Чтение онлайн

на главную - закладки

Жанры

Собеседники на пиру. Литературоведческие работы
Шрифт:

Мандельштам, напротив, кажется ближе к линии своего учителя Гумилева — линии филологически-объективной. Так, во всяком случае, звучит отрывок из его сравнительно мало известной статьи «Потоки халтуры»:

«Переключение […] материала на русский строй требует громадного напряжения, внимания и воли, богатой изобретательности, умственной свежести, филологического чутья, большой словарной клавиатуры, умения вслушиваться в ритм, схватить рисунок фразы, передать ее — все это при строжайшем самообуздании. Иначе — отсебятина» [342] .

342

Мандельштам Осип. Собрание сочинений. Т. 2. С. 427.

Реальная ситуация — по крайней мере, на первый взгляд — противоположна теоретическим позициям обоих поэтов. Перевод Иванова производит впечатление точного. Перевод Мандельштама кажется крайне вольным, хотя и верным по духу переложением. Только более пристальное рассмотрение показывает, что оба поэта, в сущности, верны своим теоретическим принципам: Иванов создает «музыкальный эквивалент» Петрарки, Мандельштам приводит в действие «большую словарную клавиатуру», вслушивается в ритм и схватывает рисунок фразы; при этом оба строго обуздывают себя и верно истолковывают текст (хотя и приближают его к собственным философским и поэтическим моделям).

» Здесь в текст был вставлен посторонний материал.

Lemma local_push p rho : 0 < rho -> M p -> exists2 tau, 0 < tau &
  forall a b, M a -> M b -> `|p - a| < tau -> `|a - b| < tau -> exists f, pushes a b rho f.
Proof.
move=> rho0 Mp; have [V [phi [psi [r [C ch]]]]] := exists_chart_at emb Mp.
have C0 := chart_lipschitz_ge0 ch; have r0 := chart_radius_gt0 ch.
have C1 : 0 < C + 1 by rewrite ltr_pwDr.
(* [3 * eta <= r] keeps pushed points in the chart ball; pushes then move by [<= C * 2 eta]. *)
pose eta := Num.min (r / 3) (rho / (4 * (C + 1))).
have eta0 : 0 < eta by rewrite lt_min !divr_gt0 // mulr_gt0.
have eta_r : 3 * eta <= r by rewrite mulrC -ler_pdivlMr // ge_min lexx.
have eta_rho : C * (2 * eta) < rho.
  have : eta * (4 * (C + 1)) <= rho by rewrite -ler_pdivlMr ?mulr_gt0 // ge_min lexx orbT.
  have : C * eta <= (C + 1) * eta by rewrite ler_wpM2r ?lerDl // ltW.
  have -> : eta * (4 * (C + 1)) = 4 * ((C + 1) * eta) by ring.
  lra.
have [th th0 near] := chart_near_center Mp ch eta0.
have tau0 : 0 < th / 2 by rewrite divr_gt0.
have near2 z : M z -> `|p - z| < 2 * (th / 2) -> V z /\ `|psi p - psi z| < eta.
  by rewrite mulrC divfK //; exact: near.
exists (th / 2) => // a b Ma Mb pa ab.
have pb : `|p - b| < 2 * (th / 2).
  by apply: le_lt_trans (ler_distD a p b) _; rewrite mulr2n mulrDl mul1r ltrD.
have pa2 : `|p - a| < 2 * (th / 2) by apply: lt_le_trans pa _; rewrite ler_pMl // ler1n.
have [_ pa'] := near2 a Ma pa2; have [Vb pb'] := near2 b Mb pb.
pose D := psi b - psi a.
have D_le : `|D| <= 2 * eta.
  apply/ltW/(le_lt_trans (ler_distD (psi p) _ _)).
  by rewrite distrC mulr2n mulrDl mul1r ltrD.
exists (chart_push p phi psi (th / 2) a D); split.
- apply: C0map_of_norm_continuous => x Mx.
    exact: (chart_push_in ch a tau0 eta_r D_le near2 Mx).
  case: (ltP `|p - x| (2 * (th / 2))) => px.
    exact: (chart_push_continuous_in ch a tau0 eta_r D_le near2 Mx px).
  exact: (chart_push_continuous_out ch D tau0 pa near2 Mx px).
- by rewrite (chart_push_center phi psi D tau0 pa) /D addrC subrK (chart_psiK ch Mb Vb).
- move=> x Mx; apply: le_lt_trans (chart_push_displacement ch a tau0 eta_r D_le near2 Mx) _.
  by rewrite lte_fin.
Qed.

Lemma seq_positive_lower_bound (T : eqType) (s : seq T) (g : T -> R) :
  (forall x, x \in s -> 0 < g x) -> exists2 m, 0 < m & forall x, x \in s -> m <= g x.
Proof.
elim: s => [|x s IH] gs; first by exists 1.
have [m m0 le_m] : exists2 m, 0 < m & forall y, y \in s -> m <= g y.
  by apply: IH => y ys; apply: gs; rewrite inE ys orbT.
exists (Num.min m (g x)); first by rewrite lt_min m0 gs ?mem_head.
move=> y; rewrite inE => /orP[/eqP ->|ys]; first by rewrite ge_min lexx orbT.
by rewrite ge_min le_m.
Qed.

Lemma uniform_push rho : 0 < rho -> compact M -> exists2 del, 0 < del &
  forall a b, M a -> M b -> `|a - b| < del -> exists f, pushes a b rho f.
Proof.
move=> rho0 cM.
have /choice [tau tauP] : forall p, exists tau : R, M p -> 0 < tau /\
    forall a b, M a -> M b -> `|p - a| < tau -> `|a - b| < tau -> exists f, pushes a b rho f.
  move=> p; case: (pselect (M p)) => [Mp|nMp]; last by exists 1.
  by have [t t0 H] := local_push rho0 Mp; exists t.
move: cM; rewrite compact_cover => /(_ _ M (fun p => ball p (tau p))) [].
- by move=> p _; exact: ball_open.
- by move=> x Mx; exists x => //; apply: ballxx; case: (tauP x Mx).
move=> P PM cover.
have [del del0 le_del] := @seq_positive_lower_bound _ (finmap.enum_fset P) tau
  (fun p pP => (tauP p (set_mem (PM p pP))).1).
exists del => // a b Ma Mb ab; have [p pP pa] := cover a Ma.
apply: (tauP p (set_mem (PM p pP))).2 => //; first by move: pa; rewrite -ball_normE.
exact: lt_le_trans ab (le_del p pP).
Qed.

End Pushes.

(** * Perturbed iterated function systems *)

Section IFSOrbits.
Variables (R : realType) (N : nat) (M : set 'rV[R]_N).
Local Notation d := (mdistM M).
Implicit Types (f g : 'rV[R]_N -> 'rV[R]_N).

Lemma dC0_le f g (c : R) :
  (forall z, M z -> (d (f z) (g z) <= c%:E)%E) -> (dC0 M f g <= c%:E)%E.
Proof. by move=> h; apply: ge_ereal_sup => _ [z Mz <-]; exact: h. Qed.

Lemma mdistM_le_dC0 f g z : M z -> (d (f z) (g z) <= dC0 M f g)%E.
Proof. by move=> Mz; apply: ereal_sup_ubound; exists z. Qed.

Lemma C0map_id : C0map M id.
Proof. by split => // x Mx e e0; exists e. Qed.

Lemma compo_in (L : Type) (omega : L -> 'rV[R]_N -> 'rV[R]_N) sigma :
  (forall l z, M z -> M (omega l z)) -> forall j z, M z -> M (compo omega sigma j z).
Proof. by move=> omegaM; elim=> [|j IH] z Mz //=; apply: omegaM; exact: IH. Qed.

Lemma compo_continuous (L : metricType R) (omega : L -> 'rV[R]_N -> 'rV[R]_N) sigma :
  IFS M omega -> forall j y, M y -> forall e : R, 0 < e ->
  exists2 th : R, 0 < th & forall z, M z -> (d y z < th%:E)%E ->
    (d (compo omega sigma j y) (compo omega sigma j z) < e%:E)%E.
Proof.
move=> [_ [omegaM omega_cont]]; elim=> [|j IH] y My e e0 /=; first by exists e.
have [th1 th10 near1] := omega_cont (sigma j) _ (compo_in sigma omegaM j My) e e0.
have [th2 th20 near2] := IH y My th1 th10.
exists th2 => // z Mz yz.
by apply: near1; [exact: compo_in | rewrite mdistxx | exact: near2].
Qed.

End IFSOrbits.

Section PerturbedIFS.
Variables (R : realType) (N : nat) (M : set 'rV[R]_N) (L : metricType R).
Variables (omega : L -> 'rV[R]_N -> 'rV[R]_N) (Phi : nat -> 'rV[R]_N -> 'rV[R]_N) (n : nat).
Local Notation d := (mdistM M).
Local Notation I := (discrete_ord R n.+1).

(* Parameter [(l, i.+1)] applies [Phi i] after [omega l]; parameter [(l, 0)] is [omega l]. *)
Definition perturbed_ifs (l : L * I) (z : 'rV[R]_N) :=
  (if nat_of_ord l.2 is m.+1 then Phi m else id) (omega l.1 z).

Definition perturbed_seq (sigma : nat -> L) (m : nat) : L * I :=
  (sigma m, if (m < n)%N then inord m.+1 else ord0).

Lemma IFS_perturbed : IFS M omega -> (forall m, C0map M (Phi m)) -> IFS M perturbed_ifs.
Proof.
move=> [cL [omegaM omega_cont]] PhiC.
have stepC (i : I) : C0map M (if nat_of_ord i is m.+1 then Phi m else id).
  by case: (nat_of_ord i) => [|m]; [exact: C0map_id | exact: PhiC].
split; first exact: compact_prod_discrete_ord.
split=> [[l i] z Mz|[l i] z Mz e e0]; first by apply: (stepC i).1; exact: omegaM.
have [th1 th10 near1] := (stepC i).2 _ (omegaM l z Mz) e e0.
have [th2 th20 near2] := omega_cont l z Mz th1 th10.
exists (Num.min th2 1); first by rewrite lt_min th20 ltr01.
move=> [l' i'] z' Mz' /mdist_prod_lt [] /=; rewrite lt_min => /andP[ll' _].
rewrite lt_min => /andP[_ /discrete_mdist_lt1 <-] zz'.
apply: near1; first exact: omegaM.
by apply: near2 => //; apply: lt_le_trans zz' _; rewrite lee_fin ge_min lexx.
Qed.

Lemma dC0_perturbed_le (rho : R) : 0 <= rho -> (forall l z, M z -> M (omega l z)) ->
  (forall m z, M z -> (d z (Phi m z) <= rho%:E)%E) ->
  forall l i, (dC0 M (omega l) (perturbed_ifs (l, i)) <= rho%:E)%E.
Proof.
move=> rho0 omegaM Phi_near l i; apply: dC0_le => z Mz; rewrite /perturbed_ifs /=.
have Mz' := omegaM l z Mz.
by case: (nat_of_ord i) => [|m] /=; [rewrite mdistM_xx ?lee_fin | exact: Phi_near].
Qed.
Lemma singular_pair_exists (D : 'M[R]_(n, m)) : D != 0 ->
  exists t (ww : 'cV_n) (zz : 'cV_m),
    [/\ 0 < t, ww != 0, D *m GH *m zz = t *: ww & D^T *m GF *m ww = t *: zz].
Proof.
move=> D_neq0; pose N := D *m GH *m D^T *m GF.
have N_quad u :
    mxform (GF *m N) u u = mxform GH (D^T *m GF *m u) (D^T *m GF *m u).
  by rewrite mxformMl -mxform_adj // /N !mulmxA.
have GN_sym : (GF *m N)^T = GF *m N.
  by rewrite /N !trmx_mul !trmxK GF_sym GH_sym !mulmxA.
have N_neq0 : N != 0.
  apply: contra D_neq0 => /eqP N0.
  have DtGF0 : D^T *m GF = 0.
    apply: eq0_mulmx_cV => u; apply/eqP; apply: contraT => /GH_pd.
    by rewrite -N_quad N0 /mxform !(mulmx0, mul0mx) mxE ltxx.
  apply/eqP/eq0_mulmx_cV => v; apply/eqP; apply: contraT => /GF_pd.
  rewrite /mxform trmx_mul !mulmxA -(mulmxA v^T) DtGF0.
  by rewrite !(mulmx0, mul0mx) mxE ltxx.
have N_psd u : 0 <= mxform (GF *m N) u u by rewrite N_quad mxform_ge0.
have [s [ww [s_gt0 ww_neq0 Nww]]] :=
  selfadjoint_pos_eigenvector GF_sym GF_pd GN_sym N_psd N_neq0.
(* Fed back through D, the eigenvector of N for s gives the pair for sqrt s. *)
pose t := Num.sqrt s; have t_gt0 : 0 < t by rewrite sqrtr_gt0.
exists t, ww, (t^-1 *: (D^T *m GF *m ww)); split => //.
  rewrite -scalemxAr !mulmxA -/N Nww scalerA.
  by rewrite -[s](sqr_sqrtr (ltW s_gt0)) -/t expr2 mulKf // gt_eqF.
by rewrite scalerA divff ?gt_eqF // scale1r.
Qed.

End SingularPair.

Иванов тонко стилизует свой перевод под русскую поэзию начала XIX века — под

Жуковского, Батюшкова, раннего Пушкина [343] . Именно в ту пору Петрарка был впервые по-настоящему осознан и освоен русскими стихотворцами; именно тогда его больше всего любили, больше всего подчинялись его воздействию. «Школа гармонической точности» (термин, введенный в научный оборот Лидией Гинзбург) есть как бы русский функциональный эквивалент петрарковской поэзии. Это структурно-функциональное тождество блистательно понято Ивановым. В его переводе нет — или почти нет — символистской вычурности и манерности. Мы не найдем здесь ни экзотического тяжеловесного словаря, ни громоздких синтаксических конструкций, свойственных оригинальным ивановским стихам (ср. хотя бы циклы сонетов «Золотые завесы», «Голубой покров», «Спор»). В переводе сонета CCCXI Иванов оперирует почти исключительно лексикой и интонациями старинной русской поэзии — элегической и близкой к ней. Его перевод Петрарки — перевод не только на русский язык, но и на язык определенной эпохи, определенного жанра, на особый поэтический диалект. Такие слова, как сладко, мечте, унылой, могилой, да и многие другие, оказываются сигналами, безошибочно вызывающими в памяти читателя былые поэтические коды и структуры [344] . Все они живы не только и не столько своим непосредственным (весьма абстрактным) значением, сколько своей стилистической — и исторической — окраской [345] . Для такой поэтики напрашивается термин, от которого, вероятно, не отказался бы и сам Мандельштам: поэтика узнавания [346] . Узнавание, повторение может обернуться банальностью, но ведь и у Петрарки многое несколько банально для современного читателя, ибо его открытия превращены в клише едва ли не десятками поэтических поколений. Впрочем, Иванов в своем переводе, избегая пошлости и стилистического разнобоя, тем самым уходит и от банальности — повторенные им слова и конструкции сохраняют аромат подлинной старины.

343

Это и дальнейшие рассуждения относятся только к данному ивановскому переводу.

344

Ср. Nilsson Nils Ake. Baratynskij’s Elegiac Code // Russian Romanticism: Studies in the Poetic Codes. Stockholm Studies in Russian Literature, 10. Stockholm, 1979. P. 144–166.

345

См. Гинзбург Лидия. О лирике. Л., 1974. С. 25.

346

Это словоупотребление встречается у Лидии Гинзбург, хотя и не в терминологическом смысле.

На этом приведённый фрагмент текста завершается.